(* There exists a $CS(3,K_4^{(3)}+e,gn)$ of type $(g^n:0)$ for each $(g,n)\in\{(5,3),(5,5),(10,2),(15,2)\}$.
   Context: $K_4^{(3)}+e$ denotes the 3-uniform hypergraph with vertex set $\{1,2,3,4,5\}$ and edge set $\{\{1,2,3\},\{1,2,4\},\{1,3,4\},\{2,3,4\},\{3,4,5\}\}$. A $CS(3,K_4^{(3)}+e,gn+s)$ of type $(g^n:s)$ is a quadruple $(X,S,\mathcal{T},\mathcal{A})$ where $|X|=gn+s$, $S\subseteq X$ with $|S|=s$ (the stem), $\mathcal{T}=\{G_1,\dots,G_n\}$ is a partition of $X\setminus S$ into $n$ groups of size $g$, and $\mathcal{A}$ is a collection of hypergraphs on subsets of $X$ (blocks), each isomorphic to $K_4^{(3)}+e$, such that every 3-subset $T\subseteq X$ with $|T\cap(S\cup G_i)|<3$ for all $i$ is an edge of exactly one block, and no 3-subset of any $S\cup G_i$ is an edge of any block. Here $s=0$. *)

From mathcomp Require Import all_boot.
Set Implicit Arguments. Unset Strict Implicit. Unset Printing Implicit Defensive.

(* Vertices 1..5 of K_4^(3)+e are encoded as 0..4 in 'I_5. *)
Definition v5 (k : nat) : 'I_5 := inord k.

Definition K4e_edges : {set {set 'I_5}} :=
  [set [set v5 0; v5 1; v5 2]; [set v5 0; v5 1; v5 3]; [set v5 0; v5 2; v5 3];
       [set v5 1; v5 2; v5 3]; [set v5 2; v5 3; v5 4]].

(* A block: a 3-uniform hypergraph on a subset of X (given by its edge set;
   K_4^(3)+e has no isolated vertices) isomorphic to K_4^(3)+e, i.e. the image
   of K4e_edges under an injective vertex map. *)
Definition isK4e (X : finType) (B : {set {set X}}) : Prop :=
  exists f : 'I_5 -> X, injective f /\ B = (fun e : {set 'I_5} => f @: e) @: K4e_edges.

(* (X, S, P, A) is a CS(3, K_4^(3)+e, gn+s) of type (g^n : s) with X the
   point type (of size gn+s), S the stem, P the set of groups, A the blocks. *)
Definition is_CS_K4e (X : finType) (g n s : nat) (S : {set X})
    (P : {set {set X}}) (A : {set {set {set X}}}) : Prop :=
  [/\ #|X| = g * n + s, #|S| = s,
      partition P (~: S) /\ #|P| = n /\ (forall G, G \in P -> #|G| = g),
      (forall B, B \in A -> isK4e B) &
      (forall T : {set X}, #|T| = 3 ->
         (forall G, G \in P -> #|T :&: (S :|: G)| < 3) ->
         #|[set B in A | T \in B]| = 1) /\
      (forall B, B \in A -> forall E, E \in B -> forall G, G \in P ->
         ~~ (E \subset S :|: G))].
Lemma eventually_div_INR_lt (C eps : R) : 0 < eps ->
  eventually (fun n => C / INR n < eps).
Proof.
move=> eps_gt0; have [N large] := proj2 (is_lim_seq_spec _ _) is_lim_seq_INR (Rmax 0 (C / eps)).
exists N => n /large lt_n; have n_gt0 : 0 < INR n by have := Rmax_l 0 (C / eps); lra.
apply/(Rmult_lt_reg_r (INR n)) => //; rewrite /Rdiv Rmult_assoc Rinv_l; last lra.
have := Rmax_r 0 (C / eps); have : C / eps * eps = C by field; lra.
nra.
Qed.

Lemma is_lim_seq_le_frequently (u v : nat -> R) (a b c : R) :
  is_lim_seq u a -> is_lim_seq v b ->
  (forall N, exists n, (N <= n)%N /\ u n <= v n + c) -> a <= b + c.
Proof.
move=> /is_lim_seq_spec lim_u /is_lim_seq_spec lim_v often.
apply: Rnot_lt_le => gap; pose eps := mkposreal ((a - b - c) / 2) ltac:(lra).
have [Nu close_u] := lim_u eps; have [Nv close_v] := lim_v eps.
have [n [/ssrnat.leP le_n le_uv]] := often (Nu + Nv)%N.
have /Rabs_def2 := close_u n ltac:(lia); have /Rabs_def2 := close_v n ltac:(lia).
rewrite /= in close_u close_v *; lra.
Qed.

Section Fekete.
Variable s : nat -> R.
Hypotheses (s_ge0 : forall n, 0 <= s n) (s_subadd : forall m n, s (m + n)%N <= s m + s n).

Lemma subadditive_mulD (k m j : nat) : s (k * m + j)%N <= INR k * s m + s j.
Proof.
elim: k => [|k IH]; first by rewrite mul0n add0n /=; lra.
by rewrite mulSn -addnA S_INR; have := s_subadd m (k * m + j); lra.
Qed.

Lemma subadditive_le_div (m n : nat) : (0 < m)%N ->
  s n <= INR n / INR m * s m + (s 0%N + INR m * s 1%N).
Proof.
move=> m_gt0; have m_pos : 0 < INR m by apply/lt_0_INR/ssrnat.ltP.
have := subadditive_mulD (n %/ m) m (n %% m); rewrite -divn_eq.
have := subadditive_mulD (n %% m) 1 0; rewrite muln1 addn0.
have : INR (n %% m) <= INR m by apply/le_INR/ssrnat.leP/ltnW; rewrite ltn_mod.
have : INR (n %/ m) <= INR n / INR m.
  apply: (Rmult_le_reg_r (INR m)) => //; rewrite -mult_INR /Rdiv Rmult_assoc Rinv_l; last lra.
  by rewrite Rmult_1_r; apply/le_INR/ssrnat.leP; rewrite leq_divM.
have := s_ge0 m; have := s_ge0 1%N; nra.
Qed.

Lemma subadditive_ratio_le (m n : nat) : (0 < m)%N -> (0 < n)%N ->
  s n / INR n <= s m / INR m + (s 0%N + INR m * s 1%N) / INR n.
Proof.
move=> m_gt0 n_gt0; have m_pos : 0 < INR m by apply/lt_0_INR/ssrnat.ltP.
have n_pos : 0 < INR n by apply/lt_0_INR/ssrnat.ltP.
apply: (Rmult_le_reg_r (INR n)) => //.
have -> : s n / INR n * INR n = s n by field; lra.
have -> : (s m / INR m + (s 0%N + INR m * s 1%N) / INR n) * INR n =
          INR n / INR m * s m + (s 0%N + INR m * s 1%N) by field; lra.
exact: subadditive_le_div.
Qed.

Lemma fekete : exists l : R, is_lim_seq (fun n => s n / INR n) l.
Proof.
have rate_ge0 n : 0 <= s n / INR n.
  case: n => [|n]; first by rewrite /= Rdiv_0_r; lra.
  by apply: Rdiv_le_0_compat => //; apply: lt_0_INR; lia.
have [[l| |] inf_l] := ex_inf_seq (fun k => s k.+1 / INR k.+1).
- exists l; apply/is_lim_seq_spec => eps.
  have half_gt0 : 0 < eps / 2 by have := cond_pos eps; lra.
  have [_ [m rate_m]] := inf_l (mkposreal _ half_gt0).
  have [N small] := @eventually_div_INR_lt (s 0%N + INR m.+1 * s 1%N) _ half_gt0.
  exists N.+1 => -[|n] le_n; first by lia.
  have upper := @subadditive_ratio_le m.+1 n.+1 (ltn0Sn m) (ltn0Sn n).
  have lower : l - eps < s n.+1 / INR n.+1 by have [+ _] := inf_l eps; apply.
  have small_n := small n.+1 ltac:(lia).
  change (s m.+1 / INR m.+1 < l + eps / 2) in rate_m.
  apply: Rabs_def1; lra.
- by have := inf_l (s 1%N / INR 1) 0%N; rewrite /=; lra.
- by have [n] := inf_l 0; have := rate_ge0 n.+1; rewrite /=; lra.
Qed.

^^^^^^^^

What the task requires:
Find the line with "have small_n := small n.+1 ltac:(lia).". Transcribe it and every line after it exactly, through the end of the records above, and nothing else.

Worked solution:
  have small_n := small n.+1 ltac:(lia).
  change (s m.+1 / INR m.+1 < l + eps / 2) in rate_m.
  apply: Rabs_def1; lra.
- by have := inf_l (s 1%N / INR 1) 0%N; rewrite /=; lra.
- by have [n] := inf_l 0; have := rate_ge0 n.+1; rewrite /=; lra.
Qed.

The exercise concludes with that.